The central bank left policy unchanged in June. This was expected because interest rates are already low and pushing them down further would not have created a big enough marginal impact on credit growth. The economy has to rely on fiscal stimulus instead

Source: istock

The central bank stands pat

Taiwan's central bank has not moved its policy interest rate since the middle of 2016. Even though export orders have contracted for seven straight months, falling 5.82% year-on-year in May, the bank has continued to keep policy on hold. This is largely because rates are already low, at 1.375%, so a cut would have little marginal impact on creating money, i.e. credit growth. In addition, each cut by Taiwan's central bank has been just 12.5 basis points (half of each normal move by the Federal Reserve), which makes the marginal impact even smaller.

Taiwan's export orders have shrunk for seven straight months

Source: ING, Bloomberg

Fiscal stimulus in the spotlight

As monetary policy can do very little to stimulate growth at this point, Taiwan's economy- which has been affected by the ripple effect from the US-China trade war- has to depend more on fiscal stimulus.

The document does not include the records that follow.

Definition qhat (hist : seq (X -> R)) (i : nat) (xs : X) : X -> R :=
  let qi := nth (fun _ => 0) hist i.-1 in
  let kept := fun y => if inA hist i y then qi y else 0 in
  fun x => kept x + (if x == xs then 1 - sumX kept else 0).

Definition ind (b : bool) : R := if b then 1 else 0.
Definition leb (a b : R) : bool := if Rle_dec a b then true else false.

(* Probability (over the uniform choice of i in {1..R}) that Inv(\hat q) <= eps2 *)
Definition final_prob (Inv : X -> bool) (xs : X) (eps2 : R) (nR : nat)
  (hist : seq (X -> R)) : R :=
  / INR nR * foldr (fun i acc => ind (leb (InvD Inv (qhat hist i xs)) eps2) + acc) 0
                   (iota 1 nR).

(* Probability of success of the remaining r rounds of step (2), given XP, current XN
   and the history of chosen distributions. *)
Fixpoint rounds_prob (Inv : X -> bool) (Qf : nat -> X -> R)
  (orc : seq X -> seq X -> nat) (xs : X) (eps2 : R) (nR T : nat) (XP : seq X)
  (r : nat) (XN : seq X) (hist : seq (X -> R)) {struct r} : R :=
  match r with
  | O => final_prob Inv xs eps2 nR hist
  | S r' =>
      let qi := Qf (orc XP XN) in
      iidE qi T (fun s =>
        if all (fun x => ~~ Inv x) s then ind (leb (InvD Inv qi) eps2)
        else rounds_prob Inv Qf orc xs eps2 nR T XP r'
               (XN ++ filter Inv s) (rcons hist qi))
  end.
(* Let $\Sigma$ be a signature, $T$ a monad on sets carrying a continuous $\Sigma$-algebra structure, and $\Gamma$ a relator for the monad $T$ that is inductive and respects $\Sigma$. Then the closed part of the Howe extension $\precsim^H$ of applicative $\Gamma$-similarity, namely $(\{(M,N)\mid\emptyset\vdash M\precsim^H_{\mathcal{T}}N\},\{(V,W)\mid\emptyset\vdash V\precsim^H_{\mathcal{V}}W\})$, is an applicative $\Gamma$-simulation.
   Context: An $\omega$CPPO is a poset with least element $\bot$ in which every $\omega$-chain has a lub; continuous = monotone and preserving such lubs. $T$ (unit $\eta$, bind $u\texttt{>>=}f$) carries a continuous $\Sigma$-algebra structure if each $TX$ is an $\omega$CPPO, bind is continuous in both arguments, and each $\sigma\in\Sigma$ of arity $k$ is interpreted by a continuous $\sigma^T:(TX)^k\to TX$. A relator $\Gamma$ for $T$ assigns to each $R\subseteq X\times Y$ a relation $\Gamma R\subseteq TX\times TY$ with: $=_{TX}\subseteq\Gamma(=_X)$; $\Gamma S\circ\Gamma R\subseteq\Gamma(S\circ R)$; $\Gamma((f\times g)^{-1}R)=(Tf\times Tg)^{-1}\Gamma R$ where $(f\times g)^{-1}R=\{(z,w)\mid f(z)\,R\,g(w)\}$; monotone in $R$; $x\,R\,y\Rightarrow\eta(x)\,\Gamma R\,\eta(y)$; and if $x\,R\,y\Rightarrow f(x)\,\Gamma S\,g(y)$ for all $x,y$ then $u\,\Gamma R\,v\Rightarrow(u\texttt{>>=}f)\,\Gamma S\,(v\texttt{>>=}g)$. Inductive: for every $R$, $\bot\,\Gamma R\,v$ for all $v$, and for every $\omega$-chain $(u_n)$, $(\forall n.\ u_n\,\Gamma R\,v)\Rightarrow\bigsqcup_n u_n\,\Gamma R\,v$. Respects $\Sigma$: $u_i\,\Gamma R\,v_i$ for all $i$ implies $\sigma^T(\vec u)\,\Gamma R\,\sigma^T(\vec v)$. Terms/values: $M,N::=\mathsf{return}\,V\mid VW\mid(M\ \mathsf{to}\ x.N)\mid\sigma(M_1,\dots,M_{\alpha(\sigma)})$, $V,W::=x\mid\lambda x.M$, modulo $\alpha$-equivalence; $M[V/x]$ substitution; $\mathcal{T}_0,\mathcal{V}_0$ closed terms/values; $\mathcal{T}(\bar x),\mathcal{V}(\bar x)$ those with free variables in $\bar x$. For closed $M$: $M^{(0)}=\bot$, $(\mathsf{return}\,V)^{(n+1)}=\eta(V)$, $((\lambda x.M)V)^{(n+1)}=(M[V/x])^{(n)}$, $(M\ \mathsf{to}\ x.N)^{(n+1)}=M^{(n)}\texttt{>>=}(V\mapsto(N[V/x])^{(n)})$, $(\sigma(\vec M))^{(n+1)}=\sigma^T(M_1^{(n)},\dots)$; this is an $\omega$-chain and $[\![M]\!]=\bigsqcup_nM^{(n)}$. A closed relation $R=(R_{\mathcal{T}}\subseteq\mathcal{T}_0\times\mathcal{T}_0,R_{\mathcal{V}}\subseteq\mathcal{V}_0\times\mathcal{V}_0)$ is an applicative $\Gamma$-simulation if $M\,R_{\mathcal{T}}\,N\Rightarrow[\![M]\!]\,\Gamma R_{\mathcal{V}}\,[\![N]\!]$ and $V\,R_{\mathcal{V}}\,W\Rightarrow VU\,R_{\mathcal{T}}\,WU$ for every closed value $U$. Applicative $\Gamma$-similarity $\precsim$ is the largest one. Its open extension $\precsim^\circ$: $\bar x\vdash M\precsim^\circ_{\mathcal{T}}N$ iff $M,N\in\mathcal{T}(\bar x)$ and $M[\bar V/\bar x]\precsim_{\mathcal{T}}N[\bar V/\bar x]$ for all closed values $\bar V$ (similarly for values). The Howe extension $\precsim^H$ is the least pair of sets of triples closed under: (H1) if $x\in\bar x$ and $\bar x\vdash x\precsim^\circ_{\mathcal{V}}V$ then $\bar x\vdash x\precsim^H_{\mathcal{V}}V$; (H2) if $x\notin\bar x$, $\bar x\cup\{x\}\vdash M\precsim^H_{\mathcal{T}}L$ and $\bar x\vdash\lambda x.L\precsim^\circ_{\mathcal{V}}V$ then $\bar x\vdash\lambda x.M\precsim^H_{\mathcal{V}}V$; (H3) if $\bar x\vdash V\precsim^H_{\mathcal{V}}W$ and $\bar x\vdash\mathsf{return}\,W\precsim^\circ_{\mathcal{T}}N$ then $\bar x\vdash\mathsf{return}\,V\precsim^H_{\mathcal{T}}N$; (H4) if $\bar x\vdash V\precsim^H_{\mathcal{V}}V'$, $\bar x\vdash W\precsim^H_{\mathcal{V}}W'$, $\bar x\vdash V'W'\precsim^\circ_{\mathcal{T}}N$ then $\bar x\vdash VW\precsim^H_{\mathcal{T}}N$; (H5) if $\bar x\vdash M\precsim^H_{\mathcal{T}}L$, $\bar x\cup\{x\}\vdash M'\precsim^H_{\mathcal{T}}L'$, $\bar x\vdash(L\ \mathsf{to}\ x.L')\precsim^\circ_{\mathcal{T}}N$ then $\bar x\vdash(M\ \mathsf{to}\ x.M')\precsim^H_{\mathcal{T}}N$; (H6) if $\bar x\vdash M_k\precsim^H_{\mathcal{T}}N_k$ for all $k\le n$ and $\bar x\vdash\sigma(N_1,\dots,N_n)\precsim^\circ_{\mathcal{T}}N$ then $\bar x\vdash\sigma(M_1,\dots,M_n)\precsim^H_{\mathcal{T}}N$. *)

From mathcomp Require Import all_boot.
Set Implicit Arguments. Unset Strict Implicit. Unset Printing Implicit Defensive.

However, we know from the experience of 2016 that government support only lasts for about a year, at most. If the government implements a big fiscal stimulus package, it would certainly hurt its debt level, as there has been almost no fiscal surplus for the past four years.

As such, the government has been trying to encourage manufacturers to move their production on the Mainland back to Taiwan. This has led to several firms proposing a total investment of $1.29 billion in 2019. Still, we doubt that all the investments will be realized this year. Even if the whole amount were to be invested in Taiwan, it would only contribute around 0.2% of GDP.